Billionaire Bully by Rachel Foster

Billionaire Bully by Rachel Foster

Author:Rachel Foster
Language: eng
Format: epub
Publisher: 3rd Publishing
Published: 2023-03-04T00:00:00+00:00


16

Jett

"A

lright, what next?” Olivia asked me, as the two of us emerged from the last office that we had checked out for the morning – we had done three of the five that I wanted us to see, and it felt like we had hardly made a dent in everything that needed to done.

"I thought we could head back to my place, get Micah in on all of this," I replied. "And then we can come out and pick up where we left off, right?"

"Sounds good to me," she agreed, and she slipped back into the car and gestured for me to head off whenever I was ready.

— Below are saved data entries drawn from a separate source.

Definition one : F2 := norm [].
Definition mult (g h : F2) : F2 := norm (word g ++ word h).
Definition ginv (g : F2) : F2 := norm (rev (map linv (word g))).
Fixpoint gpow (g : F2) (k : nat) : F2 :=
  match k with O => one | S k' => mult g (gpow g k') end.

Definition lsign (s : bool) : Z := if s then (-1)%Z else 1%Z.

(* [fsum fA acc w]: acc is the exponent of the current (maximal) run of
   a-letters; each maximal a-syllable a^k (k <> 0) contributes fA k,
   b-syllables contribute 0. *)
Fixpoint fsum (fA : Z -> R) (acc : Z) (w : list letter) : R :=
  match w with
  | [] => if Z.eqb acc 0 then 0 else fA acc
  | (ga, s) :: w' => fsum fA (acc + lsign s)%Z w'
  | (gb, _) :: w' => (if Z.eqb acc 0 then 0 else fA acc) + fsum fA 0%Z w'
  end.

(* fA k represents f_A(a^k) *)
Definition free_prod_zero (fA : Z -> R) : F2 -> R :=
  fun g => fsum fA 0%Z (word g).

Definition bounded_Z (fA : Z -> R) : Prop := exists C, forall k, Rabs (fA k) <= C.
Definition alternating (fA : Z -> R) : Prop := forall k, fA (- k)%Z = - fA k.
Definition periodic (fA : Z -> R) : Prop :=
  exists n : Z, n <> 0%Z /\ forall k, fA (k + n)%Z = fA k.

Record Aut := {
  fwd : F2 -> F2;
  bwd : F2 -> F2;
  fwd_hom : forall x y, fwd (mult x y) = mult (fwd x) (fwd y);
  bwd_fwd : forall x, bwd (fwd x) = x;
  fwd_bwd : forall x, fwd (bwd x) = x }.

Definition act (tau : Aut) (f : F2 -> R) : F2 -> R := fun g => f (bwd tau g).

Definition homog (f : F2 -> R) : F2 -> R :=
  fun g => real (Lim_seq (fun k => f (gpow g k) / INR k)).

Definition cob (f : F2 -> R) (g h : F2) : R := f g + f h - f (mult g h).

Definition bounded_F2 (b : F2 -> R) : Prop := exists C, forall g, Rabs (b g) <= C.

(* omega_{f1} = omega_{f2} in H^2_b(F_2,R): the bounded cocycles differ by the
   coboundary of a bounded 1-cochain *)
Definition same_bclass (f1 f2 : F2 -> R) : Prop :=
  exists beta, bounded_F2 beta /\
    forall g h, cob f1 g h - cob f2 g h = cob beta g h.

(* tau and sigma have the same image in Out(F_2) *)
Definition out_eq (tau sigma : Aut) : Prop :=
  exists c : F2, forall g, fwd tau g = mult (mult c (fwd sigma g)) (ginv c).

Definition aut_eq (tau sigma : Aut) : Prop := forall g, fwd tau g = fwd sigma g.

Definition stab_Aut (f : F2 -> R) (tau : Aut) : Prop :=
  forall g, act tau f g = f g.

(* the stabilizers in Out are unions of Inn-cosets; we describe them by
   their preimages in Aut *)
Definition stab_Out_homog (f : F2 -> R) (tau : Aut) : Prop :=
  forall g, act tau (homog f) g = homog f g.

Definition stab_Out_bclass (f : F2 -> R) (tau : Aut) : Prop :=
  same_bclass (act tau f) f.

Definition infinite_in_Aut (P : Aut -> Prop) : Prop :=
  forall l : list Aut, exists tau, P tau /\ forall sigma, In sigma l -> ~ aut_eq tau sigma.

(* the image of P in Out(F_2) is infinite *)
Definition infinite_in_Out (P : Aut -> Prop) : Prop :=
  forall l : list Aut, exists tau, P tau /\ forall sigma, In sigma l -> ~ out_eq tau sigma.

From Stdlib Require Import Reals ZArith List Lia Lra Bool ProofIrrelevance.
From Coquelicot Require Import Lim_seq.
Import ListNotations.

(* The transvections tau_K : a |-> a, b |-> b a^K are automorphisms of F_2. On the normal form
   a^p0 b^e1 a^p1 ... b^em a^pm, tau_K adds K to the a-exponent following each b and subtracts K
   from the one preceding each b^-1; an exponent between b and b^-1 is therefore unchanged, so no
   new cancellation occurs and the syllables of tau_K g are the shifted syllables of g. As f sums
   f_A over the a-syllables and f_A 0 = 0 (f_A is alternating), f is tau_K-invariant as soon as
   the period n of f_A divides K, and then so are its homogenization and its bounded class.
   The a-exponent sum of tau b is a conjugacy invariant equal to K for tau_K, so the tau_(cn)
   are pairwise distinct in Out(F_2). *)

Lemma letter_eqb_refl x : letter_eqb x x = true.
Proof. destruct x as [[] []]; reflexivity. Qed.

Lemma letter_eqb_eq x y : letter_eqb x y = true -> x = y.
Proof. destruct x as [[] []], y as [[] []]; cbv; congruence. Qed.

Lemma linv_involutive x : linv (linv x) = x.
Proof. destruct x as [g s]; unfold linv; simpl; rewrite negb_involutive; reflexivity. Qed.

Definition winv (u : list letter) : list letter := rev (map linv u).

Lemma winv_involutive u : winv (winv u) = u.
Proof.
  unfold winv. rewrite map_rev, rev_involutive, map_map.
  rewrite <- (map_id u) at 2. apply map_ext, linv_involutive.
Qed.

Lemma winv_app u v : winv (u ++ v) = winv v ++ winv u.
Proof. unfold winv. rewrite map_app, rev_app_distr. reflexivity. Qed.

Lemma winv_cons x u : winv (x :: u) = winv u ++ [linv x].
Proof. reflexivity. Qed.

Lemma red_tail x s : red (x :: s) = x :: s -> red s = s.
Proof.
  simpl. intro H. destruct (red s) as [|y t] eqn:E.
  - simpl in H. inversion H. reflexivity.
  - simpl in H. destruct (letter_eqb y (linv x)).
    + subst t. pose proof (red_length s) as Hl. rewrite E in Hl. simpl in Hl. lia.
    + inversion H. reflexivity.
Qed.

Lemma step_linv x s : red s = s -> step x (step (linv x) s) = s.
Proof.
  intro Hs. destruct s as [|z s'].
  - simpl. rewrite letter_eqb_refl. reflexivity.
  - simpl. destruct (letter_eqb z (linv (linv x))) eqn:E.
    + apply letter_eqb_eq in E. rewrite linv_involutive in E. subst z.
      simpl in Hs. rewrite (red_tail _ _ Hs) in Hs. exact Hs.
    + simpl. rewrite letter_eqb_refl. reflexivity.
Qed.

Lemma red_app_step x r v : red (step x r ++ v) = step x (red (r ++ v)).
Proof.
  destruct r as [|y r']; [reflexivity|].
  simpl. destruct (letter_eqb y (linv x)) eqn:E; [|reflexivity].
  apply letter_eqb_eq in E. subst y. simpl.
  rewrite step_linv; [reflexivity | apply red_idem].
Qed.

Lemma red_app_redl u v : red (red u ++ v) = red (u ++ v).
Proof.
  induction u as [|x u IH]; [reflexivity|].
  simpl. rewrite red_app_step, IH. reflexivity.
Qed.

Lemma red_app_redr u v : red (u ++ red v) = red (u ++ v).
Proof.
  induction u as [|x u IH]; simpl; [apply red_idem|]. rewrite IH. reflexivity.
Qed.

Lemma red_app_redm u v w : red (u ++ red v ++ w) = red (u ++ v ++ w).
Proof. rewrite <- red_app_redr, red_app_redl, red_app_redr. reflexivity. Qed.

Lemma red_app_winvK u v : red (u ++ winv u ++ v) = red v.
Proof.
  revert v. induction u as [|x u IH]; intro v; [reflexivity|].
  rewrite winv_cons, <- !app_assoc. simpl. rewrite (IH (linv x :: v)).
  apply step_linv, red_idem.
Qed.

Lemma red_winv_appK u v : red (winv u ++ u ++ v) = red v.
Proof. rewrite <- (winv_involutive u) at 2. apply red_app_winvK. Qed.

Lemma red_winv u v : red u = red v -> red (winv u) = red (winv v).
Proof.
  intro E.
  rewrite <- (app_nil_r (winv u)), <- (red_app_redr (winv u) []).
  rewrite <- (red_app_winvK v []), red_app_redr, app_nil_r.
  rewrite <- red_app_redm, <- E, red_app_redm. apply red_winv_appK.
Qed.

Lemma word_red (g : F2) : red (word g) = word g.
Proof. destruct g; assumption. Qed.

Lemma word_norm w : word (norm w) = red w.
Proof. reflexivity. Qed.

Lemma norm_red (g : F2) w : red w = word g -> norm w = g.
Proof.
  destruct g as [w0 H]. simpl. intro E. unfold norm.
  apply ProofIrrelevanceTheory.subset_eq_compat. exact E.
Qed.

Lemma mult_one_l x : mult one x = x.
Proof. apply norm_red, word_red. Qed.

Lemma mult_one_r x : mult x one = x.
Proof. apply norm_red. simpl. rewrite app_nil_r. apply word_red. Qed.

Lemma mult_ginv_r x : mult x (ginv x) = one.
Proof.
  apply norm_red. simpl. rewrite red_app_redr, <- (app_nil_r (rev _)).
  apply (red_app_winvK (word x) []).
Qed.

Lemma mult_assoc x y z : mult (mult x y) z = mult x (mult y z).
Proof.
  apply norm_red. simpl. rewrite red_app_redl, red_app_redr, app_assoc. reflexivity.
Qed.

Lemma mult_idem_one a : mult a a = a -> a = one.
Proof.
  intro H. transitivity (mult (mult a a) (ginv a)).
  - rewrite mult_assoc, mult_ginv_r, mult_one_r. reflexivity.
  - rewrite H. apply mult_ginv_r.
Qed.

Lemma aut_fwd_one t : fwd t one = one.
Proof. apply mult_idem_one. rewrite <- fwd_hom, mult_one_l. reflexivity. Qed.

Lemma aut_bwd_one t : bwd t one = one.
Proof. rewrite <- (aut_fwd_one t) at 1. apply bwd_fwd. Qed.

Lemma aut_bwd_mult t x y : bwd t (mult x y) = mult (bwd t x) (bwd t y).
Proof. rewrite <- (bwd_fwd t (mult (bwd t x) _)), fwd_hom, !fwd_bwd. reflexivity. Qed.

Lemma aut_bwd_gpow t g m : bwd t (gpow g m) = gpow (bwd t g) m.
Proof.
  induction m as [|m IH]; simpl; [apply aut_bwd_one|].
  rewrite aut_bwd_mult, IH. reflexivity.
Qed.

Lemma aut_eq_out_eq t s : aut_eq t s -> out_eq t s.
Proof.
  intro E. exists one. intro g. rewrite E, mult_one_l. apply eq_sym, mult_one_r.
Qed.

Lemma stab_Aut_homog f t : stab_Aut f t -> stab_Out_homog f t.
Proof.
  intros Hf g. unfold act, homog. f_equal. apply Lim_seq_ext. intro m.
  rewrite <- aut_bwd_gpow. f_equal. apply Hf.
Qed.

Lemma stab_Aut_bclass f t : stab_Aut f t -> stab_Out_bclass f t.
Proof.
  intro Hf. exists (fun _ => 0). split.
  - exists 0. intro. rewrite Rabs_R0. lra.
  - intros g h. unfold cob. rewrite !Hf. lra.
Qed.

Lemma infinite_in_Out_Aut P : infinite_in_Out P -> infinite_in_Aut P.
Proof.
  intros H l. destruct (H l) as [t [Pt Ht]].
  exists t. split; [exact Pt|]. intros s Hs E. exact (Ht s Hs (aut_eq_out_eq _ _ E)).
Qed.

I couldn’t believe that I had actually done that this morning. I was still trying to work out if it was some sort of dream I’d had, because there was no way in hell that I could really have gone to her place that morning and asked her out, could I? I had given her flowers and everything. If it hadn’t been for the receipt from the florist that I had stopped by on the way to see her, I would have assumed that I was remembering wrong.

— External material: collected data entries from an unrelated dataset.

Lemma ltn_sum_ord n (l l' : 'I_n -> nat) :
  (forall i, (l' i <= l i)%N) -> (exists i, (l' i < l i)%N) ->
  (\sum_(i < n) l' i < \sum_(i < n) l i)%N.
Proof.
move=> hle [i hi]; rewrite (bigD1 i) //= [X in (_ < X)%N](bigD1 i) //=.
by rewrite -addSn leq_add // leq_sum.
Qed.

Lemma sum_neq0_witness (V : nmodType) (T : finType) (F : T -> V) :
  \sum_(t : T) F t != 0 -> exists t, F t != 0.
Proof.
move=> hne; apply/existsP; apply: contraNT hne => /existsPn Fz.
by rewrite big1 // => t _; move: (Fz t); rewrite negbK => /eqP.
Qed.

Section MonomialAction.
Variables (k : fieldType) (R : comAlgType k) (n : nat)
  (d : 'I_n -> R -> R) (ev : R -> k) (A : expo n -> R).

(* The coefficient of z^-g in z^-a . A involves the coefficient of A of
   exponent g - a + l through its Taylor coefficient ev (d^l _), l <= a. *)
Notation shift g a l := (fun i : 'I_n => g i - (a i)%:Z + (l i)%:Z).

Lemma mono_act_support (a : 'I_n -> nat) (g : expo n) :
  mono_act d ev a A g != 0 ->
  exists2 l : 'I_n -> nat, forall i, (l i <= a i)%N &
    ev (dpow d l (A (shift g a l))) != 0.
Proof.
move=> /sum_neq0_witness [lf hlf]; exists (fun i => nat_of_ord (lf i)).
  move=> i; rewrite leqNgt; apply: contra hlf => hlt.
  by rewrite (bigD1 i) //= bin_small // !mul0r.
by apply: contraNneq hlf => ->; rewrite mulr0.
Qed.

She had asked for a little time, and I certainly wasn’t going to push for this any harder than I already had. She was going to need to take all the time she needed if she was going to say yes, and I was just praying that she would come around to the idea. There was nothing I could do to push her, nothing I could do to make it happen. I just had to hope that I had done enough to show her that I wasn’t the guy that I had been before. And that this time, I had no intention of faking her out.

It had been a little awkward all day long, much as I had tried to take the edge off everything that was happening by focusing on work. I wanted to tell myself that this was going to be easy, that I could separate my work life and my personal life, but was that really possible when I was working with the one woman I actually wanted to be dating right now?

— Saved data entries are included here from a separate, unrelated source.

Lemma ovo_addr x y z : le x y -> le (x + z) (y + z).
Proof. by case: Ole => _ _ _ h _; exact: h. Qed.

Lemma ovo_scale (r : R) x y : 0 <= r -> le x y -> le (r *: x) (r *: y).
Proof. by case: Ole => _ _ _ _ h; exact: h. Qed.

Lemma ovo_subr_ge0 x y : le 0 (y - x) <-> le x y.
Proof.
split => [/(ovo_addr x)|/(ovo_addr (- x))]; first by rewrite add0r subrK.
by rewrite subrr.
Qed.

Lemma ovo_subl2 x y z : le x y -> le (z - y) (z - x).
Proof.
by move=> /ovo_subr_ge0 xy; apply/ovo_subr_ge0; rewrite opprB addrC addrA subrK.
Qed.

Lemma ovo_closed_set0 : closed [set x | le 0 x] -> closed [set (0 : V)].
Proof.
move=> cl.
have -> : [set (0 : V)] = [set x | le 0 x] `&` (-%R @^-1` [set x | le 0 x]).
  apply/seteqP; split => [x -> /=|x [x0 nx]].
    by rewrite oppr0; split; exact: ovo_refl.
  by apply: ovo_anti => //; apply/ovo_subr_ge0; rewrite sub0r.
apply: closedI => //; apply: preimage_closed => // x _; exact: opp_continuous.
Qed.

Lemma ovo_archimedean : closed [set x | le 0 x] -> le_Archimedean le.
Proof.
move=> cl x y xy; apply/ovo_subr_ge0; rewrite sub0r.
have := cvg_subr (c := x) (cvg_harmonicZ y); rewrite sub0r => cvg_x.
apply: (closed_cvg _ cl _ _ cvg_x); apply: nearW => n /=; apply/ovo_subr_ge0.
have := ovo_scale (ltW (harmonic_gt0 n)) (xy n).
by rewrite -scaler_nat scalerA mulVf ?scale1r.
Qed.

Lemma ovo_cvg_sup (u : nat -> V) x : closed [set x | le 0 x] ->
  incr_seq_wrt le u -> u @ \oo --> x -> is_sup_of le (range u) x.
Proof.
move=> cl incr ux; split => [_ [n _ <-]|w ub]; apply/ovo_subr_ge0.
  apply: (closed_cvg _ cl _ _ (cvg_subr (c := u n) ux)).
  by exists n => // m /= nm; apply/ovo_subr_ge0; exact: incr.
apply: (closed_cvg _ cl _ _ (cvg_subl (c := w) ux)).
by apply: nearW => m /=; apply/ovo_subr_ge0; apply: ub; exists m.
Qed.

End OrderedVectorSpace.

Section MixedFull.
Variables (R : realType) (V : topologicalLmodType R) (le sle : V -> V -> Prop).
Hypotheses (Ole : ordered_vector_order le) (Osle : ordered_vector_order sle).

Lemma MF_subset_scale (A P Q W : set V) (t : R) : 0 < t ->
  (forall x y, W y -> sle 0 x -> le x y -> W x) ->
  (forall a b, P a -> P b -> W (b - a)) ->
  (forall a d, P a -> W d -> Q (a + d) /\ Q (a - d)) ->
  A `<=` [set t *: p | p in P] ->
  MF1 le sle A `<=` [set t *: q | q in Q] /\
  MF2 le sle A `<=` [set t *: q | q in Q].
Proof.
move=> t0 Wfull PW PQ AP.
have tK v : t *: (t^-1 *: v) = v by rewrite scalerA mulfV ?gt_eqF // scale1r.
have W_incr x z e : A x -> A z -> sle 0 e -> le e (z - x) -> W (t^-1 *: e).
  move=> /AP[a Pa <-] /AP[b Pb <-] e0 ez.
  apply: (Wfull _ (b - a)); first exact: PW.
    by rewrite -(scaler0 _ t^-1); apply: ovo_scale; rewrite ?invr_ge0 ?ltW.
  have -> : b - a = t^-1 *: (t *: b - t *: a).
    by rewrite -scalerBr scalerA mulVf ?gt_eqF // scale1r.
  by apply: ovo_scale; rewrite ?invr_ge0 ?ltW.
split => y [x [z [Ax Az xy yz]]].
- have [a Pa xa] := AP x Ax.
  have We : W (t^-1 *: (y - x)).
    by apply: (W_incr x z) => //; [apply/ovo_subr_ge0 | apply: ovo_addr].
  exists (a + t^-1 *: (y - x)); first by have [] := PQ _ _ Pa We.
  by rewrite scalerDr xa tK addrC subrK.
- have [b Pb zb] := AP z Az.
  have We : W (t^-1 *: (z - y)).
    by apply: (W_incr x z) => //; [apply/ovo_subr_ge0 | apply: ovo_subl2].
  exists (b - t^-1 *: (z - y)); first by have [] := PQ _ _ Pb We.
  by rewrite scalerBr zb tK opprB addrC subrK.
Qed.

Dating. There was something that I hadn’t thought about in a long time. When I had been in high school, I’d had a few girlfriends, but nothing serious – same as in college, when I turned to sleeping my way around campus any way that I could. “Hyper-sexuality”, as my therapist had told me, and she said it was a pretty common reaction to – well, to dealing with the shit that I had dealt with, let’s put it that way. When I had gotten out of college, I had cooled off a little, but I still hadn’t bothered with anything like a long-term relationship. It had just never appealed to me, the thought of opening up like that – the thought of having to tell them why sometimes I flinched when they touched me, why sometimes I woke up in the night and couldn’t get back to sleep.